··· Information supplied ···
Definition beta_lin_indep : Prop :=
  (forall X : forall j : 'I_q, 'I_(kappa j) -> 'M[C]_p,
     (forall k l (f : {poly C}),
        \sum_(t : Tidx) \sum_r betaT t k r f * X (tag t) (tagged t) r l = 0) ->
     forall j m, X j m = 0) /\
  (forall Y : forall j : 'I_q, 'I_(kappa j) -> 'M[C]_p,
     (forall k l (f : {poly C}),
        \sum_(t : Tidx) \sum_r Y (tag t) (tagged t) k r * betaT t r l f = 0) ->
     forall j m, Y j m = 0).

Definition KerR (P : 'M[{poly C}]_p) : Prop :=
  forall t : Tidx, pairL (betaT t) P = 0.
Definition ideal_gen : {poly C} := \prod_(j < q) ('X - ((xs j)%:C)%C%:P) ^+ kappa j.
Definition in_ideal (P : 'M[{poly C}]_p) : Prop :=
  exists A : 'M[{poly C}]_p, P = ideal_gen *: A.

Definition perpR_trivial (w : kernel_mx) (S : 'M[{poly C}]_p -> Prop) : Prop :=
  forall Q, (forall P, S P -> bform w P Q = 0) -> Q = 0.
Definition perpL_trivial (w : kernel_mx) (S : 'M[{poly C}]_p -> Prop) : Prop :=
  forall Q, (forall P, S P -> bform w Q P = 0) -> Q = 0.

End Uvarov.

From Pilot Require Import Defs.
From HB Require Import structures.
From mathcomp Require Import all_boot all_order all_algebra.
From mathcomp Require Import reals complex.
Import Order.TTheory GRing.Theory Num.Theory.
Local Open Scope ring_scope.
Set Implicit Arguments. Unset Strict Implicit. Unset Printing Implicit Defensive.

(* Both <.,.>_u and <.,.>_uhat = <.,.>_u + <.,beta> J^T are bilinear over constant
   matrices, and quasidefiniteness makes each of them nondegenerate on matrix
   polynomials of degree at most n: such a polynomial orthogonal to I x^0, ..., I x^n
   vanishes.  By the reproducing property of K_n, the difference between each
   proposed right-hand side and the perturbed polynomial has degree at most n and
   is uhat-orthogonal to P2_0, ..., P2_n (resp. P1_0, ..., P1_n), hence vanishes;
   pairing with P2_(n+1) then gives hH_(n+1).  Nonsingularity of M_n comes from the
   same mechanism: for a left null vector Z of M_n, the polynomial Z J^[0,1]_(K_n)(x)
   is uhat-orthogonal to P2_0, ..., P2_n, hence zero, so that
   Z = Z M_n - <Z J^[0,1]_(K_n), beta> = 0. *)

Local Notation cst := (map_mx polyC).

Lemma map_mxrow (T T' : Type) (f : T -> T') m n (p_ : 'I_n -> nat)
    (B_ : forall j, 'M[T]_(m, p_ j)) :
  map_mx f (\mxrow_j B_ j) = \mxrow_j map_mx f (B_ j).
Proof. by apply/matrixP => i j; rewrite !mxE. Qed.

(** * Matrix polynomials *)

Section MatrixPolynomials.
Variable R : comNzRingType.

Definition mxsize_le r c n (A : 'M[{poly R}]_(r, c)) := forall i j, (size (A i j) <= n)%N.
Definition mxcoef r c k (A : 'M[{poly R}]_(r, c)) : 'M[R]_(r, c) :=
  map_mx (fun g : {poly R} => g`_k) A.
Definition mxmonic p k (P : 'M[{poly R}]_p) := mxsize_le k (P - ('X^k)%:M).

Lemma mxpoly_expand r c n (A : 'M[{poly R}]_(r, c)) : mxsize_le n A ->
  A = \sum_(k < n) cst (mxcoef k A) *m ('X^k)%:M.
Proof.
move=> hA; apply/matrixP => i j; rewrite summxE.
under eq_bigr do rewrite mul_mx_scalar !mxE.
apply/polyP => d; rewrite coef_sum.
under eq_bigr do rewrite mulrC coefCM coefXn.
case: (ltnP d n) => hd.
  rewrite (bigD1 (Ordinal hd)) //= eqxx mulr1 big1 ?addr0 // => k hk.
  suff -> : (d == k) = false by rewrite mulr0.
  by apply/negbTE; apply: contra hk => /eqP e; apply/eqP/val_inj.
rewrite big1; first by rewrite nth_default // (leq_trans (hA i j) hd).
move=> k _; case: eqP => [e|]; rewrite ?mulr0 //.
by move: (ltn_ord k); rewrite -e ltnNge hd.
Qed.

Lemma mxcoef_cstMl r c d k (Z : 'M[R]_(r, c)) (P : 'M[{poly R}]_(c, d)) :
  mxcoef k (cst Z *m P) = Z *m mxcoef k P.
Proof.
apply/matrixP => i j; rewrite !mxE coef_sum; apply: eq_bigr => l _.
by rewrite !mxE coefCM.
Qed.

Section SizeBounds.
Variables (r c n : nat).
Implicit Types A B : 'M[{poly R}]_(r, c).

Lemma mxsize_leD A B : mxsize_le n A -> mxsize_le n B -> mxsize_le n (A + B).
Proof. by move=> hA hB i j; rewrite mxE (leq_trans (size_polyD _ _)) // geq_max hA hB. Qed.

Lemma mxsize_leB A B : mxsize_le n A -> mxsize_le n B -> mxsize_le n (A - B).
Proof. by move=> hA hB; apply: mxsize_leD => // i j; rewrite mxE size_polyN. Qed.

Lemma mxsize_le_sum (I : finType) (F : I -> 'M[{poly R}]_(r, c)) :
  (forall i, mxsize_le n (F i)) -> mxsize_le n (\sum_i F i).
Proof.
move=> hF; apply: (big_ind (mxsize_le n)) => //; last exact: mxsize_leD.
by move=> i j; rewrite mxE size_poly0.
Qed.

Lemma mxsize_le_leq m A : (n <= m)%N -> mxsize_le n A -> mxsize_le m A.
Proof. by move=> hnm hA i j; apply: leq_trans (hA i j) hnm. Qed.

Lemma mxsize_le_cstMl k (Z : 'M[R]_(k, r)) A : mxsize_le n A -> mxsize_le n (cst Z *m A).
Proof.
move=> hA i j; rewrite mxE; apply: (big_ind (fun g : {poly R} => size g <= n)%N).
- by rewrite size_poly0.
- by move=> g h hg hh; rewrite (leq_trans (size_polyD _ _)) // geq_max hg hh.
by move=> l _; rewrite mxE mul_polyC (leq_trans (size_scale_leq _ _)) // hA.
Qed.

End SizeBounds.

Section Monic.
Variables (p k : nat).
Implicit Types P Q : 'M[{poly R}]_p.

Lemma mxmonic_size P : mxmonic k P -> mxsize_le k.+1 P.
Proof.
move=> hP; rewrite -[P](subrK ('X^k)%:M); apply: mxsize_leD.
  exact: mxsize_le_leq (leqnSn _) hP.
by move=> i j; rewrite mxE; case: (i == j); rewrite /= ?size_polyXn ?size_poly0.
Qed.

Lemma mxmonicB P Q : mxmonic k P -> mxmonic k Q -> mxsize_le k (P - Q).
Proof.
move=> hP hQ; have -> : P - Q = (P - ('X^k)%:M) - (Q - ('X^k)%:M).
  by rewrite opprB addrA subrK.
exact: mxsize_leB.
Qed.

Lemma mxcoef_mxmonic P : mxmonic k P -> mxcoef k P = 1%:M.
Proof.
move=> hP; apply/matrixP => i j; have := hP i j; rewrite !mxE => hPij.
rewrite -[P i j](subrK ('X^k *+ (i == j))) coefD (nth_default _ hPij) add0r.
by rewrite coefMn coefXn eqxx.
Qed.

End Monic.

End MatrixPolynomials.

(** * Matrix-valued bilinear forms *)

Section MatrixForms.
Variables (F : fieldType) (p : nat).
Local Notation PM := 'M[{poly F}]_p.
Local Notation X k := (('X^k)%:M : PM).

Definition mxbilinear (bf : PM -> PM -> 'M[F]_p) : Prop :=
  (forall A P P' Q, bf (cst A *m P + P') Q = A *m bf P Q + bf P' Q) /\
  (forall A P Q Q', bf P (cst A *m Q + Q') = bf P Q *m A^T + bf P Q').

(* Transposing and swapping the arguments turns right-hand statements into
   left-hand ones. *)
Definition mxform_tr (bf : PM -> PM -> 'M[F]_p) P Q := (bf Q P)^T.

Definition mxform_gram (bf : PM -> PM -> 'M[F]_p) n :=
  \mxblock_(i < n.+1, j < n.+1) bf (X i) (X j).

Definition quasidefinite_form bf := forall n, mxform_gram bf n \in unitmx.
···
:: What the exercise asks ::
Only lines with the word "orthogonal" are wanted; pull each of them from the records.

:: Problem solution ::
   polynomials of degree at most n: such a polynomial orthogonal to I x^0, ..., I x^n
   is uhat-orthogonal to P2_0, ..., P2_n (resp. P1_0, ..., P1_n), hence vanishes;
   is uhat-orthogonal to P2_0, ..., P2_n, hence zero, so that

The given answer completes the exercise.